Derviş devrimcilerin çayı demli olur deyip çaylarımızı söyledik. Ana gündem maddelerini istişare ettik. Hakan Albayrak’ın hafta içinde “16 Temmuz Gençlik Hareketi” bildirisini köşesinde yayınlayacağı haberiyle mest olduk. Türkiye’nin dört bir tarafından arayanlar telefonlarımızı bir an olsun boş bırakmıyordu. Allah’a şükürler olsun, farklı düşüncelere sahip olmamıza karşılık hep orta yolu bulduk.

Dağılırken herkes birbirine sıkıca sarıldı. Yüzler gülüyordu. Mutluyduk. Çünkü Müslüman kardeşlerimiz için yola çıkmıştık.

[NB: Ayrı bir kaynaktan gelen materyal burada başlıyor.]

(* In the oligopoly game below, fix $\boldsymbol\sigma\in\{-1,1\}^n$ and let $N_+=\{i:\sigma_i=1\}$, $N_-=\{i:\sigma_i=-1\}$. There exists an equilibrium $(\mathbf A^*,\mathbf q^* )$ with $\mathbf a_i^*=\sigma_i\boldsymbol\beta$ for every $i$ if and only if $$(2+\alpha)-\frac{2+(n+1)\alpha}{2(1+\alpha)}\min_{j\in N_-}\gamma_j\;\le\;\boldsymbol\sigma^\top\boldsymbol\gamma\;\le\;(2+\alpha)+\frac{2+(n+1)\alpha}{2(1+\alpha)}\min_{j\in N_+}\gamma_j,$$ with the convention that the minimum over the empty set is $+\infty$. In such an equilibrium the output profile is uniquely determined as $$\mathbf q^*=\frac{\boldsymbol\gamma}{2+\alpha}-\phi(\boldsymbol\sigma)\,\boldsymbol\sigma,\qquad \phi(\boldsymbol\sigma)=\frac{\alpha(\boldsymbol\sigma^\top\boldsymbol\gamma-(2+\alpha))}{(2+\alpha)(2+(n+1)\alpha)}.$$
   Context: Model: integers $n\ge2$, $m\ge2$; $\alpha>0$, $\boldsymbol\beta\in\mathbb R^m$ with $\|\boldsymbol\beta\|_2=1$, $\boldsymbol\gamma\in\mathbb R^n$ with all $\gamma_i>0$. Firm $i$ chooses a unit vector $\mathbf a_i\in\mathbb R^m$ and $q_i\ge0$, earning $\Pi_i=\alpha q_i\mathbf a_i^\top(\boldsymbol\beta-\sum_{j\ne i}q_j\mathbf a_j)-(1+\alpha)q_i^2+\gamma_iq_i$. $\mathbf A=[\mathbf a_1,\dots,\mathbf a_n]$. An equilibrium is a profile $(\mathbf A^*,\mathbf q^* )$ in which each $(\mathbf a_i^*,q_i^* )$ maximizes $\Pi_i$ over unit $\mathbf a_i$ and $q_i\ge 0$ given the others' choices. *)

From HB Require Import structures.
From mathcomp Require Import all_boot all_order all_algebra.
From mathcomp Require Import reals.
Set Implicit Arguments. Unset Strict Implicit. Unset Printing Implicit Defensive.
Import Order.TTheory GRing.Theory Num.Theory.
Local Open Scope ring_scope.

Definition dot (R : realType) (m : nat) (u v : 'cV[R]_m) : R :=
  \sum_(k < m) u k 0 * v k 0.

Definition payoff (R : realType) (m n : nat) (alpha : R) (beta : 'cV[R]_m)
  (gamma : 'I_n -> R) (A : 'M[R]_(m, n)) (q : 'I_n -> R) (i : 'I_n)
  (a : 'cV[R]_m) (x : R) : R :=
  alpha * x * dot a (beta - \sum_(j < n | j != i) q j *: col j A)
  - (1 + alpha) * x ^+ 2 + gamma i * x.

Definition is_equilibrium (R : realType) (m n : nat) (alpha : R)
  (beta : 'cV[R]_m) (gamma : 'I_n -> R) (A : 'M[R]_(m, n)) (q : 'I_n -> R) :
  Prop :=
  forall i : 'I_n,
    [/\ dot (col i A) (col i A) = 1, 0 <= q i &
      forall (a : 'cV[R]_m) (x : R), dot a a = 1 -> 0 <= x ->
        payoff alpha beta gamma A q i a x
        <= payoff alpha beta gamma A q i (col i A) (q i)].

Definition phi (R : realType) (n : nat) (alpha : R) (gamma sigma : 'I_n -> R)
  : R :=
  alpha * (\sum_(i < n) sigma i * gamma i - (2 + alpha))
  / ((2 + alpha) * (2 + (n%:R + 1) * alpha)).

From HB Require Import structures.
From mathcomp Require Import all_boot all_order all_algebra.
From mathcomp Require Import reals.
From mathcomp.algebra_tactics Require Import ring lra.
Import Order.TTheory GRing.Theory Num.Theory.
Local Open Scope ring_scope.

(* If every firm points along sigma_i beta, firm i's profit from (a, x) is
   x (gamma_i + u_i d) - (1 + alpha) x^2 with d = sigma_i a.beta in [-1, 1] and
   u_i = alpha (sigma_i (1 - sigma.q) + q_i).  Staying on d = 1 is a best
   response exactly when u_i >= 0 and x solves the first-order condition
   2 (1 + alpha) x = gamma_i + u_i.  These conditions form a linear system
   whose unique solution is q* = gamma / (2 + alpha) - phi sigma, and the sign
   conditions u_i >= 0 at q* are precisely the bounds on sigma.gamma. *)

Lemma quadratic_best_response (R : realFieldType) (k g u q : R) :
  0 < k -> 0 < g ->
  (0 <= q /\ forall x, 0 <= x ->
     x * (g + u) - k * x ^+ 2 <= q * (g + u) - k * q ^+ 2 /\
     x * (g - u) - k * x ^+ 2 <= q * (g + u) - k * q ^+ 2)
  <-> 0 <= u /\ 2 * k * q = g + u.
Proof.
move=> k_gt0 g_gt0; split=> [[q_ge0 opt] | [u_ge0 foc]]; last first.
  split; first by rewrite -(pmulr_rge0 _ (_ : 0 < 2 * k)); lra.
  have foc' : g = 2 * k * q - u by lra.
  move=> x x_ge0; rewrite foc'.
  have : 0 <= k * (x - q) ^+ 2 by rewrite mulr_ge0 ?sqr_ge0 ?ltW.
  have : 0 <= u * x by exact: mulr_ge0.
  split; nra.
(* If u < 0, comparing with d = -1 at x = q forces q = 0, which is then beaten
   by the positive maximum of x (g - u) - k x^2. *)
have u_ge0 : 0 <= u.
  rewrite leNgt; apply/negP => u_lt0.
  have q0 : q = 0.
    have [_ at_q] := opt q q_ge0.
    have q_le0 : q <= 0 by rewrite -(nmulr_rge0 _ u_lt0); lra.
    by apply/le_anti; rewrite q_le0 q_ge0.
  pose y := (g - u) / (2 * k).
  have y_gt0 : 0 < y by rewrite /y divr_gt0 //; lra.
  have [_] := opt y (ltW y_gt0); rewrite q0 (_ : g - u = 2 * k * y); last first.
    by rewrite /y; field; lra.
  have : 0 < k * y ^+ 2 by rewrite mulr_gt0 ?exprn_gt0.
  lra.
(* q must coincide with the maximiser z of x (g + u) - k x^2. *)
split=> //.
pose z := (g + u) / (2 * k).
have z_foc : g + u = 2 * k * z by rewrite /z; field; lra.
have [] := opt z; first by rewrite /z divr_ge0 //; lra.
rewrite z_foc => opt_z _.
have : (z - q) ^+ 2 <= 0 by rewrite -(pmulr_rle0 _ k_gt0); lra.
rewrite le_eqVlt ltNge sqr_ge0 orbF sqrf_eq0 subr_eq0 => /eqP z_q.
by rewrite z_q.
Qed.

Section Dot.
Context {R : realType} {m : nat}.
Implicit Types (u v : 'cV[R]_m).

Lemma dotZl u v c : dot (c *: u) v = c * dot u v.
Proof. by rewrite /dot mulr_sumr; apply: eq_bigr => k _; rewrite mxE mulrA. Qed.

Lemma dotZr u v c : dot u (c *: v) = c * dot u v.
Proof. by rewrite /dot mulr_sumr; apply: eq_bigr => k _; rewrite mxE mulrCA. Qed.

Lemma dot_unit_bound u v : dot u u = 1 -> dot v v = 1 -> -1 <= dot u v <= 1.
Proof.
move=> u_unit v_unit.
have sum_sqr_ge0 (s : R) : 0 <= \sum_(k < m) (u k 0 + s * v k 0) ^+ 2.
  by apply: sumr_ge0 => k _; apply: sqr_ge0.
have sum_sqrE (s : R) : \sum_(k < m) (u k 0 + s * v k 0) ^+ 2
    = dot u u + s ^+ 2 * dot v v + 2 * s * dot u v.
  rewrite /dot !mulr_sumr -!big_split; apply: eq_bigr => k _ /=; ring.
have := sum_sqr_ge0 1; have := sum_sqr_ge0 (-1).
rewrite !sum_sqrE u_unit v_unit => ? ?; apply/andP; split; lra.
Qed.

End Dot.

Section AlignedProfiles.
Context {R : realType} {n m : nat}.
Variables (alpha : R) (beta : 'cV[R]_m) (gamma sigma : 'I_n -> R).
Hypothesis alpha_gt0 : 0 < alpha.
Hypothesis gamma_gt0 : forall i, 0 < gamma i.
Hypothesis beta_unit : dot beta beta = 1.
Hypothesis sigma_sign : forall i, sigma i = 1 \/ sigma i = -1.

Let sigma_sqr i : sigma i * sigma i = 1.
Proof. by case: (sigma_sign i) => ->; ring. Qed.

Definition signed_total (x : 'I_n -> R) : R := \sum_(j < n) sigma j * x j.

Definition aligned (A : 'M[R]_(m, n)) : Prop :=
  forall j, col j A = sigma j *: beta.

Lemma payoff_aligned A q i a x : aligned A ->
  payoff alpha beta gamma A q i a x =
  x * (gamma i + alpha * (sigma i * (1 - signed_total q) + q i)
                 * (sigma i * dot a beta))
  - (1 + alpha) * x ^+ 2.
Proof.
move=> A_aligned; rewrite /payoff.
have -> : \sum_(j < n | j != i) q j *: col j A
          = (signed_total q - sigma i * q i) *: beta.
  rewrite /signed_total [X in (X - _) *: _](bigD1 i) //= addrAC subrr add0r.
  rewrite scaler_suml.
  by apply: eq_bigr => j _; rewrite A_aligned scalerA mulrC.
rewrite -[X in dot a (X - _)]scale1r -scalerBl dotZr.
by case: (sigma_sign i) => ->; ring.
Qed.

Lemma aligned_best_responseP A q i : aligned A ->
  (0 <= q i /\ forall a x, dot a a = 1 -> 0 <= x ->
     payoff alpha beta gamma A q i a x
     <= payoff alpha beta gamma A q i (col i A) (q i)) <->
  0 <= sigma i * (1 - signed_total q) + q i /\
  (2 + alpha) * q i = gamma i + alpha * sigma i * (1 - signed_total q).
Proof.
move=> A_aligned.
set u := alpha * (sigma i * (1 - signed_total q) + q i).
have payoffE a x : payoff alpha beta gamma A q i a x
    = x * (gamma i + u * (sigma i * dot a beta)) - (1 + alpha) * x ^+ 2.
  exact: payoff_aligned.
have signed_dot s : sigma i * dot (s * sigma i *: beta) beta = s.
  by rewrite dotZl beta_unit mulr1 mulrCA sigma_sqr mulr1.
have signed_unit s :
    s ^+ 2 = 1 -> dot (s * sigma i *: beta) (s * sigma i *: beta) = 1.
  move=> s_sqr; rewrite dotZl dotZr beta_unit mulr1.
  by rewrite mulrACA -expr2 s_sqr sigma_sqr mulr1.
rewrite A_aligned -[sigma i *: _]scale1r scalerA payoffE signed_dot mulr1.
transitivity (0 <= u /\ 2 * (1 + alpha) * q i = gamma i + u).
  rewrite -quadratic_best_response ?gamma_gt0 //; last exact: addr_gt0.
  split=> -[q_ge0 opt]; split=> //.
    move=> x x_ge0.
    have := opt _ x (signed_unit 1 (expr1n _ 2)) x_ge0.
    have := opt _ x (signed_unit (-1) ltac:(by rewrite sqrrN expr1n)) x_ge0.
    by rewrite !payoffE !signed_dot mulr1 mulrN1; split.
  (* the payoff is affine in [sigma i * dot a beta], which lies in [-1, 1] *)
  move=> a x a_unit x_ge0.
  have [d_ge d_le] : -1 <= sigma i * dot a beta /\ sigma i * dot a beta <= 1.
    have /andP[] := dot_unit_bound a beta a_unit beta_unit.
    by case: (sigma_sign i) => ->; split; lra.
  have [] := opt x x_ge0; rewrite payoffE; nra.
by rewrite /u pmulr_rge0 //; split=> -[? ?]; split=> //; lra.
Qed.

Lemma aligned_equilibrium_conditionsP A q : aligned A ->
  is_equilibrium alpha beta gamma A q <->
  forall i, 0 <= sigma i * (1 - signed_total q) + q i /\
    (2 + alpha) * q i = gamma i + alpha * sigma i * (1 - signed_total q).
Proof.
move=> A_aligned.
have col_unit i : dot (col i A) (col i A) = 1.
  by rewrite A_aligned dotZl dotZr beta_unit mulr1 sigma_sqr.
split=> eq_q i; have := aligned_best_responseP A q i A_aligned.
  by case: (eq_q i) => _ q_ge0 opt [+ _]; apply.
by case=> _ /(_ (eq_q i)) [q_ge0 opt]; split.
Qed.

Lemma eq_signed_total {x y : 'I_n -> R} :
  (forall j, x j = y j) -> signed_total x = signed_total y.
Proof. by move=> xy; apply: eq_bigr => j _; rewrite xy. Qed.

Lemma signed_total_shift (f x : 'I_n -> R) (y : R) :
  (forall j, f j = x j + y * sigma j) ->
  signed_total f = signed_total x + n%:R * y.
Proof.
move=> f_shift; rewrite /signed_total mulr_natl -[X in _ *+ X]card_ord.
rewrite -sumr_const -big_split; apply: eq_bigr => j _ /=.
by rewrite f_shift mulrDr mulrCA sigma_sqr mulr1.
Qed.

Definition equilibrium_output (i : 'I_n) : R :=
  gamma i / (2 + alpha) - phi alpha gamma sigma * sigma i.

Let phiE : phi alpha gamma sigma = alpha * (signed_total gamma - (2 + alpha))
                                  / ((2 + alpha) * (2 + (n%:R + 1) * alpha)).
Proof. by []. Qed.

Let P_gt0 : 0 < 2 + alpha.
Proof. by rewrite addr_gt0. Qed.

Let D_gt0 : 0 < 2 + (n%:R + 1) * alpha.
Proof. by rewrite addr_gt0 // mulr_gt0 // ltr_wpDl. Qed.

Lemma equilibrium_residual :
  1 - signed_total equilibrium_output
  = (2 + alpha - signed_total gamma) / (2 + (n%:R + 1) * alpha).
Proof.
rewrite (@signed_total_shift _ (fun j => gamma j / (2 + alpha))
           (- phi alpha gamma sigma)) => [|j]; last by rewrite mulNr.
rewrite /signed_total; under eq_bigr do rewrite mulrA.
rewrite -mulr_suml -/(signed_total gamma) phiE.
by field; rewrite !gt_eqF.
Qed.

Lemma first_order_conditionsP q :
  (forall i, (2 + alpha) * q i
             = gamma i + alpha * sigma i * (1 - signed_total q)) <->
  (forall i, q i = equilibrium_output i).
Proof.
split=> foc i; last first.
  rewrite foc (eq_signed_total foc).
  rewrite equilibrium_residual /equilibrium_output phiE.
  by field; rewrite !gt_eqF.
have residual : 1 - signed_total q
    = (2 + alpha - signed_total gamma) / (2 + (n%:R + 1) * alpha).
  have total : (2 + alpha) * signed_total q
      = signed_total gamma + n%:R * (alpha * (1 - signed_total q)).
    rewrite -(@signed_total_shift (fun j => (2 + alpha) * q j)) => [|j].
      by rewrite /signed_total mulr_sumr; apply: eq_bigr => j _; rewrite mulrCA.
    by rewrite foc; ring.
  apply: (mulfI (lt0r_neq0 D_gt0)); rewrite mulrCA mulfV ?gt_eqF // mulr1.
  lra.
apply: (mulfI (lt0r_neq0 P_gt0)); rewrite foc residual.
by rewrite /equilibrium_output phiE; field; rewrite !gt_eqF.
Qed.

Lemma equilibrium_margin_ge0 i :
  0 <= sigma i * (1 - signed_total equilibrium_output) + equilibrium_output i
  <-> sigma i * (signed_total gamma - (2 + alpha))
      <= (2 + (n%:R + 1) * alpha) / (2 * (1 + alpha)) * gamma i.
Proof.
set c := _ / (2 * (1 + alpha)).
have alpha1_gt0 : 0 < 1 + alpha by rewrite addr_gt0.
have c_gt0 : 0 < c by rewrite divr_gt0 // mulr_gt0.
have -> : sigma i * (1 - signed_total equilibrium_output) + equilibrium_output i
    = (c * gamma i - sigma i * (signed_total gamma - (2 + alpha)))
      / (c * (2 + alpha)).
  rewrite equilibrium_residual /equilibrium_output phiE /c.
  by field; rewrite !gt_eqF.
by rewrite pmulr_lge0 ?subr_ge0 // invr_gt0 mulr_gt0.
Qed.

Lemma aligned_equilibriumP A q : aligned A ->
  is_equilibrium alpha beta gamma A q <->
  (forall i, q i = equilibrium_output i) /\
  (forall i, sigma i * (signed_total gamma - (2 + alpha))
             <= (2 + (n%:R + 1) * alpha) / (2 * (1 + alpha)) * gamma i).
Proof.
move=> A_aligned; rewrite aligned_equilibrium_conditionsP //.
split=> [opt | [q_eq sign] i].
  have q_eq : forall i, q i = equilibrium_output i.
    by apply/first_order_conditionsP => i; case: (opt i).
  split=> // i; rewrite -equilibrium_margin_ge0 -(eq_signed_total q_eq) -q_eq.
  by case: (opt i).
split; last exact: (proj2 (first_order_conditionsP q)).
by rewrite (eq_signed_total q_eq) q_eq equilibrium_margin_ge0.
Qed.

Lemma sign_bound_split (s P c : R) :
  (forall i, sigma i * (s - P) <= c * gamma i) <->
  (forall j, sigma j = -1 -> P - c * gamma j <= s) /\
  (forall j, sigma j = 1 -> s <= P + c * gamma j).
Proof.
split=> [bound | [lower upper] i].
  by split=> j sigma_j; have := bound j; rewrite sigma_j; lra.
case: (sigma_sign i) => sigma_i; rewrite sigma_i.
  by have := upper i sigma_i; lra.
by have := lower i sigma_i; lra.
Qed.

End AlignedProfiles.

Theorem proposition4 (R : realType) (n m : nat) (alpha : R)
  (beta : 'cV[R]_m) (gamma : 'I_n -> R) (sigma : 'I_n -> R) :
  (2 <= n)%N -> (2 <= m)%N -> 0 < alpha -> dot beta beta = 1 ->
  (forall i, 0 < gamma i) ->
  (forall i, sigma i = 1 \/ sigma i = -1) ->
  let sg := \sum_(i < n) sigma i * gamma i in
  let c := (2 + (n%:R + 1) * alpha) / (2 * (1 + alpha)) in
  ((exists (A : 'M[R]_(m, n)) (q : 'I_n -> R),
      is_equilibrium alpha beta gamma A q /\
      (forall i, col i A = sigma i *: beta))
   <->
   ((forall j, sigma j = -1 -> (2 + alpha) - c * gamma j <= sg) /\
    (forall j, sigma j = 1 -> sg <= (2 + alpha) + c * gamma j)))
  /\
  (forall (A : 'M[R]_(m, n)) (q : 'I_n -> R),
      is_equilibrium alpha beta gamma A q ->
      (forall i, col i A = sigma i *: beta) ->
      forall i, q i = gamma i / (2 + alpha) - phi alpha gamma sigma * sigma i).
Proof.
move=> _ _ alpha_gt0 beta_unit gamma_gt0 sigma_sign sg c.
have equilibriumP :=
  aligned_equilibriumP _ _ _ _ alpha_gt0 gamma_gt0 beta_unit sigma_sign.
split; last first.
  by move=> A q eq_Aq A_aligned; have [] := (equilibriumP A q A_aligned).1 eq_Aq.
rewrite -(sign_bound_split gamma _ sigma_sign); split.
  move=> [A [q [eq_Aq A_aligned]]].
  by have [] := (equilibriumP A q A_aligned).1 eq_Aq.
move=> sign_bound.
pose A : 'M[R]_(m, n) := \matrix_(k, j) (sigma j * beta k 0).
have A_aligned : aligned beta sigma A.
  by move=> j; apply/matrixP => k l; rewrite !mxE (ord1 l).
exists A, (equilibrium_output alpha gamma sigma); split=> //.
exact/(equilibriumP _ _ A_aligned).
Qed.
(* Let $G$ be a finite subgroup of $\mathrm{U}(q)$, let $n\ge 1$, and let $\mathcal{H}=(\mathbb{C}^q)^{\otimes n}$, on which $\mathrm{U}(q)$ (and hence $G$) acts by $U\mapsto U^{\otimes n}$. Let $\mathcal{C}\subseteq\mathcal{H}$ be a subspace that transforms in an irreducible representation $\boldsymbol{\lambda}$ of $G$ (with character $\lambda$), and let $E$ be an operator on $\mathcal{H}$ that transforms in an irreducible representation $\boldsymbol{R}$ of $\mathrm{U}(q)$. If $\langle 1, \lambda^* R^{\downarrow}\lambda\rangle = 0$, then the Knill–Laflamme condition holds for $E$ on $\mathcal{C}$: there exists $c_E\in\mathbb{C}$ such that $\langle\psi|E|\phi\rangle = c_E\langle\psi|\phi\rangle$ for all $|\psi\rangle,|\phi\rangle\in\mathcal{C}$.
   Context: A subspace $\mathcal{C}\subseteq\mathcal{H}$ transforms in the representation $\boldsymbol{\lambda}$ of $G$ if it is invariant under all $g^{\otimes n}$, $g\in G$, and the resulting representation of $G$ on $\mathcal{C}$ is isomorphic to $\boldsymbol{\lambda}$. An operator $E$ on $\mathcal{H}$ transforms in the representation $\boldsymbol{R}$ of $\mathrm{U}(q)$ if $E$ lies in a subspace $W$ of operators on $\mathcal{H}$ that is invariant under conjugation $X\mapsto U^{\otimes n}X(U^{\otimes n})^{\dagger}$ for all $U\in\mathrm{U}(q)$ and such that this conjugation representation of $\mathrm{U}(q)$ on $W$ is isomorphic to $\boldsymbol{R}$. $R^{\downarrow}$ is the character of the restriction of $\boldsymbol{R}$ to $G$, $1$ is the trivial character, $\lambda^*$ is the complex conjugate of $\lambda$, products of characters are pointwise, and $\langle\chi,\psi\rangle:=\frac{1}{|G|}\sum_{g\in G}\overline{\chi(g)}\psi(g)$. *)

From HB Require Import structures.
From mathcomp Require Import all_boot all_order all_algebra.
From mathcomp Require Import reals.
From mathcomp.real_closed Require Import complex mxtens.

Unset Implicit Arguments.
Unset Strict Implicit.
Unset Printing Implicit Defensive.
Import Order.TTheory GRing.Theory Num.Theory.
Local Open Scope ring_scope.

Section Defs.
Context {R : realType}.
Local Notation C := R[i].

Definition adjmx {m n} (A : 'M[C]_(m, n)) : 'M[C]_(n, m) := (map_mx (@conjc R) A)^T.

Definition unitary {q} (U : 'M[C]_q) : Prop := U *m adjmx U = 1%:M.

Definition tpow {q} (n : nat) (U : 'M[C]_q) : 'M[C]_(q ^ n) := ntensmx U n.

(* Vectors of H are represented as row vectors 'rV_(q^n); an operator A acts on a
   vector v by v |-> v *m A^T (i.e. the column vector A v).  Subspaces of H are
   row spaces of matrices (mxalgebra). *)
Definition act {N} (A : 'M[C]_N) (v : 'rV[C]_N) : 'rV[C]_N := v *m A^T.

Definition braket {N} (u v : 'rV[C]_N) : C := \sum_(i < N) conjc (u 0 i) * v 0 i.

(* trace of the linear map v |-> v *m A restricted to the row space of V
   (meaningful when the row space of V is invariant under this map). *)
Definition restr_trace {k N} (V : 'M[C]_(k, N)) (A : 'M[C]_N) : C :=
  \tr (row_base V *m A *m pinvmx (row_base V)).

Definition finite_unitary_subgroup {q} (G : seq 'M[C]_q) : Prop :=
  [/\ uniq G, forall g, g \in G -> unitary g, 1%:M \in G &
      forall g h, g \in G -> h \in G -> g *m h \in G].

Definition G_invariant {q} n (G : seq 'M[C]_q) {k} (D : 'M[C]_(k, q ^ n)) : Prop :=
  forall g, g \in G -> (D *m (tpow n g)^T <= D)%MS.

Definition G_irreducible {q} n (G : seq 'M[C]_q) {k} (Cs : 'M[C]_(k, q ^ n)) : Prop :=
  [/\ Cs != 0, G_invariant n G Cs &
      forall D : 'M[C]_(q ^ n), (D <= Cs)%MS -> G_invariant n G D ->
        D = 0 \/ (D == Cs)%MS].

Definition sub_char {q} n {k} (Cs : 'M[C]_(k, q ^ n)) (g : 'M[C]_q) : C :=
  restr_trace Cs (tpow n g)^T.

(* Operators on H are encoded via mxvec; a space of operators is the row space of a
   matrix W with q^n * q^n columns (operator X belongs to W iff (mxvec X <= W)%MS). *)
Definition conjby {N} (T : 'M[C]_N) (X : 'M[C]_N) : 'M[C]_N := T *m X *m adjmx T.

Definition U_invariant q n {k} (W : 'M[C]_(k, q ^ n * q ^ n)) : Prop :=
  forall (U : 'M[C]_q), unitary U ->
    forall X : 'M[C]_(q ^ n), (mxvec X <= W)%MS -> (mxvec (conjby (tpow n U) X) <= W)%MS.

Definition U_irreducible q n {k} (W : 'M[C]_(k, q ^ n * q ^ n)) : Prop :=
  [/\ W != 0, U_invariant q n W &
      forall D : 'M[C]_(q ^ n * q ^ n), (D <= W)%MS -> U_invariant q n D ->
        D = 0 \/ (D == W)%MS].

Definition res_char {q} n {k} (W : 'M[C]_(k, q ^ n * q ^ n)) (g : 'M[C]_q) : C :=
  restr_trace W (lin_mx (conjby (tpow n g))).

Definition cfdotG {q} (G : seq 'M[C]_q) (chi psi : 'M[C]_q -> C) : C :=
  (size G)%:R^-1 * \sum_(g <- G) conjc (chi g) * psi g.

End Defs.

From HB Require Import structures.
From mathcomp Require Import all_boot all_order all_algebra.
From mathcomp Require Import reals.
From mathcomp.real_closed Require Import complex mxtens.
Import GRing.Theory Num.Theory.
Local Open Scope ring_scope.

(* Let B be a basis of C. The compression X |-> conj(B) X B^T, whose entries are
   the matrix elements <b_i|X|b_j>, maps W G-equivariantly to End(C); so its
   restriction to W is a G-fixed vector for the action of G on linear maps from W
   to End(C), whose character is lambda^* R lambda.  Averaging that action over G
   gives |G| times an idempotent of trace |G| <1, lambda^* R lambda> = 0, hence
   zero, and a fixed vector is its own image under it.  So the compression of E
   vanishes and the Knill-Laflamme condition holds with c_E = 0. *)

Section TensorPower.
Context {K : comPzRingType}.

Lemma tens1mx m p : (1%:M : 'M[K]_m) *t (1%:M : 'M[K]_p) = 1%:M.
Proof.
apply/matrixP=> i j.
case: (mxtens_indexP i)=> i0 i1; case: (mxtens_indexP j)=> j0 j1.
rewrite tensmxE !mxE (can_eq (@mxtens_indexK _ _)) xpair_eqE.
by case: (i0 == j0); case: (i1 == j1); rewrite ?mulr1 ?mulr0 ?mul0r.
Qed.

Lemma ntensmxM q k (A B : 'M[K]_q) : (A *m B) ^t k = A ^t k *m B ^t k.
Proof.
case: k => [|k]; first by rewrite mul1mx.
by elim: k => [|k IHk] //; rewrite !ntensmxSS IHk tensmx_mul.
Qed.

Lemma ntens1mx q k : (1%:M : 'M[K]_q) ^t k = 1%:M.
Proof.
case: k => [|k] //.
by elim: k => [|k IHk] //; rewrite !ntensmxSS IHk tens1mx.
Qed.

Lemma trmx_ntensmx q k (A : 'M[K]_q) : (A ^t k)^T = A^T ^t k.
Proof.
case: k => [|k]; first by rewrite trmx1.
by elim: k => [|k IHk] //; rewrite !ntensmxSS trmx_tens IHk.
Qed.

Lemma map_ntensmx (f : {rmorphism K -> K}) q k (A : 'M[K]_q) :
  map_mx f (A ^t k) = map_mx f A ^t k.
Proof.
case: k => [|k]; first by rewrite map_mx1.
by elim: k => [|k IHk] //; rewrite !ntensmxSS map_mxT IHk.
Qed.

End TensorPower.

Section Adjoint.
Context {R : realType}.
Local Notation C := R[i].
Local Notation cj := (map_mx (@conjc R)).

Lemma adjmxM m p r (A : 'M[C]_(m, p)) (B : 'M[C]_(p, r)) :
  adjmx (A *m B) = adjmx B *m adjmx A.
Proof. by rewrite /adjmx map_mxM trmx_mul. Qed.

Lemma cjK m p (A : 'M[C]_(m, p)) : cj (cj A) = A.
Proof. by apply/matrixP=> i j; rewrite !mxE conjcK. Qed.

Lemma tpowM q n (g h : 'M[C]_q) : tpow n (g *m h) = tpow n g *m tpow n h.
Proof. exact: ntensmxM. Qed.

Lemma tpow_adj q n (g : 'M[C]_q) : adjmx (tpow n g) = tpow n (adjmx g).
Proof. by rewrite /adjmx /tpow map_ntensmx trmx_ntensmx. Qed.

O an aklıma Suriyeli devrimci bir genç geldi.

Devrimci gencin bulunduğu şehir muhaliflerin eline geçmiş. Bir haftadır muhalifler şehri kontrol ediyorlarmış. Bu genç bir gün Şam’a gelmiş. Şam’daki bir grup gençle buluşmuş. Kendisine halini hatrını soranlara, “Vallahi bir haftadır hürriyet’in tadını aldım. Bir daha da bırakmayacağım!” cevabını veriyormuş.

Biz de Türkiyeli gençler olarak hayatımızda ilk defa hürriyet isteyen kardeşlerimize destek olmanın heyecanını ve hazzını aldık. Vallahi biz de yolumuzdan geri dönmeyeceğiz!

Selman Maltaş

1 yorum:

  1. Biz de Türkiyeli gençler olarak hayatımızda ilk defa hürriyet isteyen kardeşlerimize destek olmanın heyecanını ve hazzını aldık. Vallahi biz de yolumuzdan geri dönmeyeceğiz! bu ne güzel tespittir!